In the beautiful, snow-covered town of Mount Ryerson, Oregon, the Pollack family have rented a cabin in the woods. This is not just any cabin, no: it is situated atop a large deposit of iron oxide that is supposed to realign the body’s functioning and boost the energy of its inhabitants. Not exactly sold on this hoodoo, James (AJ Bowen: The Signal 2007, You’re Next 2011) humors his wife Casey (Brea Grant: Halloween II 2009, Dexter series), who hopes that this respite in the woods will be just what her husband’s health needs. Along for the ride are the couple’s teenagers – Jessica (Sophie Dalah: Unbroken 2014, Satanic 2016) and Jason (Joshua Hoffman: Criminal Minds series, Code Black series) – as well as Jessica’s friend Becky (Elise Luthman: CSI: Crime Scene Investigation series, Henry Danger series).

Almost as soon as the family have unloaded their luggage and Casey has begun preparations for dinner, while out looking for firewood, James stumbles upon a woman, political candidate Leslie Bison (Barbara Crampton: Re-Animator 1985, You’re Next 2011), lying face-down in the snow.

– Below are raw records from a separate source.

Lemma ncopy_le_size m : (m <= D)%N -> (ncopy m <= dnet_size m)%N.
Proof.
move=> mD; have [->|m1] := posnP m; first by rewrite /ncopy /dnet_size; case_ifs.
by rewrite dnet_sizeE ?m1 // /prod_offset -addnA leq_addr.
Qed.

Lemma sum_copy_block m (w : nat -> R) : (m.+2 <= D)%N ->
  (forall q, (q < ncopy m)%N -> NN m q = f m q) ->
  \sum_(p < dnet_size m) (if (p < ncopy m)%N then w p else 0) * NN m p =
  \sum_(p < n m) w p * f m p.
Proof.
move=> mD copy_m; rewrite sum_ord_restrict; last by apply: ncopy_le_size; lia.
by rewrite ncopyE //; apply: eq_bigr => p _; rewrite copy_m ?ncopyE.
Qed.

Lemma dnet_rho_copy l q : (1 <= l <= D)%N -> (q < ncopy l)%N -> dnet_rho l q = rho l q.
Proof. by rewrite /dnet_rho => -> ->. Qed.

Lemma dnet_bias_copy l q : (l <= D)%N -> (q < ncopy l)%N -> dnet_bias l q = b l q.
Proof. by rewrite /dnet_bias => -> ->. Qed.

Lemma dnet_weight_copy l q p : (l <= D)%N -> (q < ncopy l)%N ->
  dnet_weight l q p = if (p < ncopy l.-1)%N then A l q p else 0.
Proof. by rewrite /dnet_weight => -> ->. Qed.

Lemma dnet_rho_lower l r : (1 <= l <= D)%N -> (r < nlower l)%N ->
  dnet_rho l (ncopy l + r) = (rho l r).-1.
Proof.
by move=> lD rlt; rewrite /dnet_rho /prod_offset; case_ifs; rewrite addKn.
Qed.

Lemma dnet_bias_lower l r : (l <= D)%N -> (r < nlower l)%N ->
  dnet_bias l (ncopy l + r) = b l r.
Proof.
by move=> lD rlt; rewrite /dnet_bias /prod_offset; case_ifs; rewrite addKn.
Qed.
Lemma f_vec_add_leq (F : finFieldType) a b : a <= b ->
  f_vec F (a + b) <= #|F| ^ (2 * a) * f_vec F b + f_vec F a
    + (\sum_(i < a) #|F| ^ i) * #|F| ^ a.-1 * (\sum_(j < b.-1) #|F| ^ j).
Proof.
move=> le_ab; have Phi_free : row_free (pid_mx a : 'M[F]_(a, b)).
  by rewrite /row_free rank_pid_mx.
have [BK BK_blocking ->] := f_vec_attained F a.
have [BW BW_blocking ->] := f_vec_attained F b.
apply: leq_trans (f_vec_leq (combined_lines_blocking Phi_free BK_blocking BW_blocking)) _.
apply: leq_trans (card_combined_lines _ _ _) _; rewrite mulnC leq_add2l.
exact: card_join_lines.
Qed.

Local Open Scope ring_scope.

Lemma mul_sum_expz_shift (R : unitRingType) (x : R) (k : int) c : -1 <= k ->
  (\sum_(i < `|k + 1|) x ^+ i) * (\sum_(t < c) x ^ (k + t%:Z)) =
  (\sum_(i < `|k + 1|) x ^+ i) * x ^+ `|k + 1|.-1 * (\sum_(t < c) x ^+ t).
Proof.
case: k => [k|[|//]] _; last by rewrite big_ord0 !mul0r.
rewrite -PoszD addn1 /= -mulrA [in RHS]big_distrr /=; congr (_ * _); apply: eq_bigr => t _.
by rewrite -PoszD -exprnP exprD.
Qed.

Theorem proposition3p32 (F : finFieldType) (n k : int) :
  -1 <= n -> -1 <= k -> 2 * k <= n - 1 ->
  let q : rat := (#|F|%:R)%R in
  ((fPG F n)%:R : rat) <=
    q ^ (2 * k + 2) * (fPG F (n - k - 1))%:R + (fPG F k)%:R
    + (\sum_(i < absz (k + 1)%R) q ^+ i)
      * (\sum_(t < absz (Num.max 0 (n - 1 - k))%R) q ^ (k + t%:Z)).
Proof.
move=> n_ge k_ge k_le /=; rewrite mul_sum_expz_shift //.
set a := absz (k + 1); set b := absz (n - k).
have le_ab : (a <= b)%N by lia.
have -> : fPG F n = f_vec F (a + b) by rewrite /fPG; congr f_vec; lia.
have -> : fPG F (n - k - 1) = f_vec F b by rewrite /fPG; congr f_vec; lia.
have -> : fPG F k = f_vec F a by rewrite /fPG; congr f_vec; lia.
have -> : 2 * k + 2 = (2 * a)%N :> int by lia.
have -> : absz (Num.max 0 (n - 1 - k)) = b.-1 by lia.
have sum_natr c : \sum_(i < c) (#|F|%:R : rat) ^+ i = (\sum_(i < c) #|F| ^ i)%:R.
  by rewrite natr_sum; apply: eq_bigr => i _; rewrite natrX.
by rewrite -exprnP !sum_natr -!natrX -!natrM -!natrD ler_nat f_vec_add_leq.
Qed.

As the cabin’s inhabitants set about getting help for their visitor, a series of events will unfold that will leave only one of them left standing, axe in hand. The question you must ask yourself is this: is Casey Pollack really the sociopathic “Axe Mom” or did something very different, something unexplainable happen in these woods?

Clocking in at 82 minutes in-length, Dead Night is a directorial debut for Brad Baruh, who previously worked on such films as the aforementioned John Dies at the End (2012) and 2013’s Insidious: Chapter 2, and was written by Baruh with Irving Walker. It also stars Kay D’Arcy (The Attic Door 2009, Imperfect Sky 2015) as Becky’s grandma, Lily; Daniel Roebuck (The Fugitive 1993, Final Destination 2000), as Inside Crime reporter Jack Sterling; Joy Osmanski (Devious Maids series, Santa Clarita Diet series) as realtor Mika Shand; and Sky Soleil (NCIS series, Straight Outta Compton 2015) as Detective Walker.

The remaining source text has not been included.